Mormon History
Memories of Brigham Young - 1857
Daily Quincy Whig – July 22, 1857
(From the Buffalo Commercial Advertiser.)
The Mormon
Leaders.
Both Brigham Young and Heber
C. Kimball are New Yorkers. Brigham lived near the line dividing Ontario and
Monroe counties, in the town of Victor, at the time he became a Mormon. He had
always manifested a proclivity to religious fanaticism, or rather he was a lazy
rapscallion, good for nothing except to howl at a camp meeting. He lived in a
log shanty, with a dilapidated, patient, suffering wife, surrounded by a host of
tow headed children. Occasionally he made up a lot of axe-helves and traded them
off for sugar and tea; in other fits of industry he would do a day's work in the
hay-field for a neighbor, hoe the potatoes in his own little patch, or pound
clothes for his wife on a washing day. But his special mission was to go
camp-meetings and revivals, where he managed to get his daily bread out of the
more wealthy brethren, in consideration of the unction with which he shouted "ga-lo-rah!"
On such occasions Brigham took no thought of the morrow, but cheerfully putting
on his old wool hat, would leave his family without flour in the barrel or wood
at the door, and telling his wife that the "Lord would provide," he would put
off for a week's absence. Poor Mrs. Brigham managed by borrowing from her
neighbors with the small hope of paying, chopped the wood herself, with an old
sun-bonnet -- Navarino style -- went to the spring for water, thoroughly
convinced that her lot was not of the easiest, and that her husband was, to use
a western expression, an "ornary cuss;" in which sentiment all who knew him
joined. People were getting very tired of Brigham when Mormonism turned up. He
was just the man for the religion and the religion seemed expressly adapted to
him. He became an exhorter, held neighborhood meetings, ranted and howled his
doctrines into the minds of others as weak as himself, and finally went West,
with the rest of them, where he has developed his powers until the poor,
miserable rustic loafer is Governor of a Territory and the chief prophet of a
great religious sect. He has just the mixture of shrewdness and folly which is
required for success in fanaticism or quackery. A wiser man could not hold his
place. A man must be half fool and half knave to be a successful quack.

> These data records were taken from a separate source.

Lemma sesq_prodv_eq0 D : (forall x, sesq D (prodv x) (prodv x) = 0) ->
  forall u v, sesq D (prodv u) (prodv v) = 0.
Proof.
move=> D0.
(* Induction on s: u and v may differ only in the modes below s; the step freezes every
   mode but s and polarizes in mode s. *)
suff agree s : (s <= m)%N -> forall u v,
    (forall k : 'I_m, (s <= k)%N -> forall j, u k j = v k j) ->
    sesq D (prodv u) (prodv v) = 0.
  by move=> u v; apply: (agree m) => // k; rewrite leqNgt ltn_ord.
elim: s => [_ u v uv | s IH s_lt u v uv].
  by rewrite (eq_sesq _ (frefl _) (eq_prodv (fun k j => esym (uv k isT j)))).
pose k := Ordinal s_lt.
have -> : sesq D (prodv u) (prodv v) = sesq D (prodv (setv k u u)) (prodv (setv k v v)).
  by apply: eq_sesq; apply: eq_prodv => l j; rewrite /setv; case: (l == k).
rewrite sesq_setv.
apply: (sesq_polarization
  (S := fun a : mindex -> R[i] => exists w : vecs, a = fun i => w k (i k))).
- by move=> _ _ c [w ->] [w' ->]; exists (fun l j => w l j + c * w' l j).
- move=> _ [w ->]; rewrite -sesq_setv; apply: IH (ltnW s_lt) _ _ _ => l s_le j.
  rewrite /setv; case: eqP => // /eqP l_neq_k; apply: uv.
  rewrite ltn_neqAle s_le andbT; apply: contraNneq l_neq_k => s_eq.
  by apply/eqP/val_inj; rewrite /= s_eq.
- by exists u.
- by exists v.
Qed.

Definition basis_vecs p : vecs := fun k l => (l == p k)%:R.

Lemma prodv_basis p i : prodv (basis_vecs p) i = (i == p)%:R.
Proof.
have [-> | i_neq_p] := eqVneq i p.
  by apply: big1 => k _; rewrite /basis_vecs eqxx.
have [k ik] : exists k, i k != p k.
  apply/existsP; move: i_neq_p; apply: contraR => /existsPn ip.
  by apply/eqP/ffunP => k; apply/eqP/negbNE/ip.
by rewrite /prodv (bigD1 k) //= /basis_vecs (negbTE ik) mul0r.
Qed.

Lemma Pcone_pointed : pointed (cone false).
Proof.
move=> [D [D_neq0 D_line]]; apply: D_neq0.
have D0 x : sesq D (prodv x) (prodv x) = 0.
  have x_adm : admissible false x by [].
  have [_ /(_ x x_adm)] := D_line 1; have [_ /(_ x x_adm)] := D_line (-1).
  rewrite !pairing_tscale !pairingE rmorphN1 rmorph1 mulN1r mul1r oppr_ge0.
  by move=> le0 ge0; apply/eqP; rewrite eq_le le0 ge0.
apply: functional_extensionality => p; apply: functional_extensionality => q.
rewrite -(sesq_delta D p q) -(eq_sesq D (prodv_basis p) (prodv_basis q)).
exact: sesq_prodv_eq0.
Qed.

Definition swap_mode (k : 'I_m) p q : mindex :=
  finfun (fun l => if l == k then q l else p l).

Lemma prodv_swap x k p q :
  prodv x (swap_mode k p q) * prodv x (swap_mode k q p) = prodv x p * prodv x q.
Proof.
rewrite /prodv -!big_split; apply: eq_bigr => l _ /=.
by rewrite !ffunE; case: (l == k); rewrite // mulrC.
Qed.

Definition swap_tensor k p q : tensor := fun i j =>
  ((i == p) && (j == q))%:R + ((i == q) && (j == p))%:R
  - ((i == swap_mode k p q) && (j == swap_mode k q p))%:R
  - ((i == swap_mode k q p) && (j == swap_mode k p q))%:R.

Lemma herm_space_real_sym H t : (forall i j, H j i = H i j) ->
  (forall i j, is_realc (H i j)) -> herm_space true (tscale t H).
Proof.
move=> H_sym H_real; split=> [i j | _ i j]; rewrite /tscale /is_realc rmorphM /= oppr0.
  by rewrite H_real H_sym.
by rewrite H_real.
Qed.

(* [^*%R] is [Num.conj], the conjugation used by [sesq]; it agrees with the [conjc] of the
   definitions only up to conversion, so rewriting needs this form. *)
Lemma prodv_conj_real x : admissible true x -> forall i, (prodv x i)^*%R = prodv x i.
Proof. by move=> x_real i; rewrite rmorph_prod; apply: eq_bigr => k _; apply: x_real. Qed.
(* Let $f:\mathbb{R}^n\times\mathbb{R}^m\to\mathbb{R}^n$ be smooth with $f(0,0)=0$, and suppose $f$ is affine in the input, i.e. $f(x,u)=f_0(x)+g(x)u$ for smooth $f_0:\mathbb{R}^n\to\mathbb{R}^n$ and $g:\mathbb{R}^n\to\mathbb{R}^{n\times m}$. Let $X\subset\mathbb{R}^n$, $U\subset\mathbb{R}^m$, $P\subset\mathbb{R}^n$ be bounded open sets containing the origin, with $U$ convex, and suppose there is $\bar h>0$ such that for every $x_0\in X$ and $u_0\in U$ the initial-value problem $\dot x(t)=f(x(t),u_0)$, $x(0)=x_0$, has a unique solution $\phi(t;x_0,u_0)$ on $0\le t\le \bar h$. Let $Q\in\mathbb{R}^{n\times n}$ be positive semidefinite and $R\in\mathbb{R}^{m\times m}$ positive definite. For a sampling period $h\in(0,\bar h]$ define the Hamiltonian $$H(x,u,p^+)=\phi(h;x,u)^{\mathrm T}p^+ + h\,x^{\mathrm T}Qx + h\,u^{\mathrm T}Ru .$$ Then for all sufficiently small $h>0$, the function $u\mapsto H(x,u,p^+)$ is convex on $U$ for every $(x,p^+)\in X\times P$.
   Context: $\phi(t;x_0,u_0)$ denotes the state at time $t$ of the plant $\dot x=f(x,u)$ started at $x_0$ with the input held constant at $u_0$ (it is smooth in $(t,x_0,u_0)$). This Hamiltonian arises from the sampled-data optimal control problem of minimizing $\sum_{k\ge0}(h x[k]^{\mathrm T}Qx[k]+h u[k]^{\mathrm T}Ru[k])$ subject to $x[k+1]=\phi(h;x[k],u[k])$. *)

From HB Require Import structures.
From mathcomp Require Import all_boot all_order all_algebra.
From mathcomp Require Import all_classical all_reals all_analysis.
Set Implicit Arguments. Unset Strict Implicit. Unset Printing Implicit Defensive.
Import Order.TTheory GRing.Theory Num.Theory.
Import numFieldNormedType.Exports.
Local Open Scope classical_set_scope.
Local Open Scope ring_scope.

Heber C. Kimball was a man of more respectability. He was a born fanatic, and if
he was not a Mormon would be something else just like it. In his church -- he
was a Baptist originally -- he was one of those pestilent fellows who want
resolutions passed at church meetings withholding fellowship from somebody else,
and insist on having a political codicil added to the Bible. We believe he had
some property. He has much more talent than Brigham Young, but is inferior to
him in the elements of quackery. He has very respectable relatives now living in
the part of Monroe county from which he started.
Note: For a contemporary account of Brigham Young's baptism into Mormonism, see
the
Apr. 14, 1832 issue of the Rochester Liberal Advocate.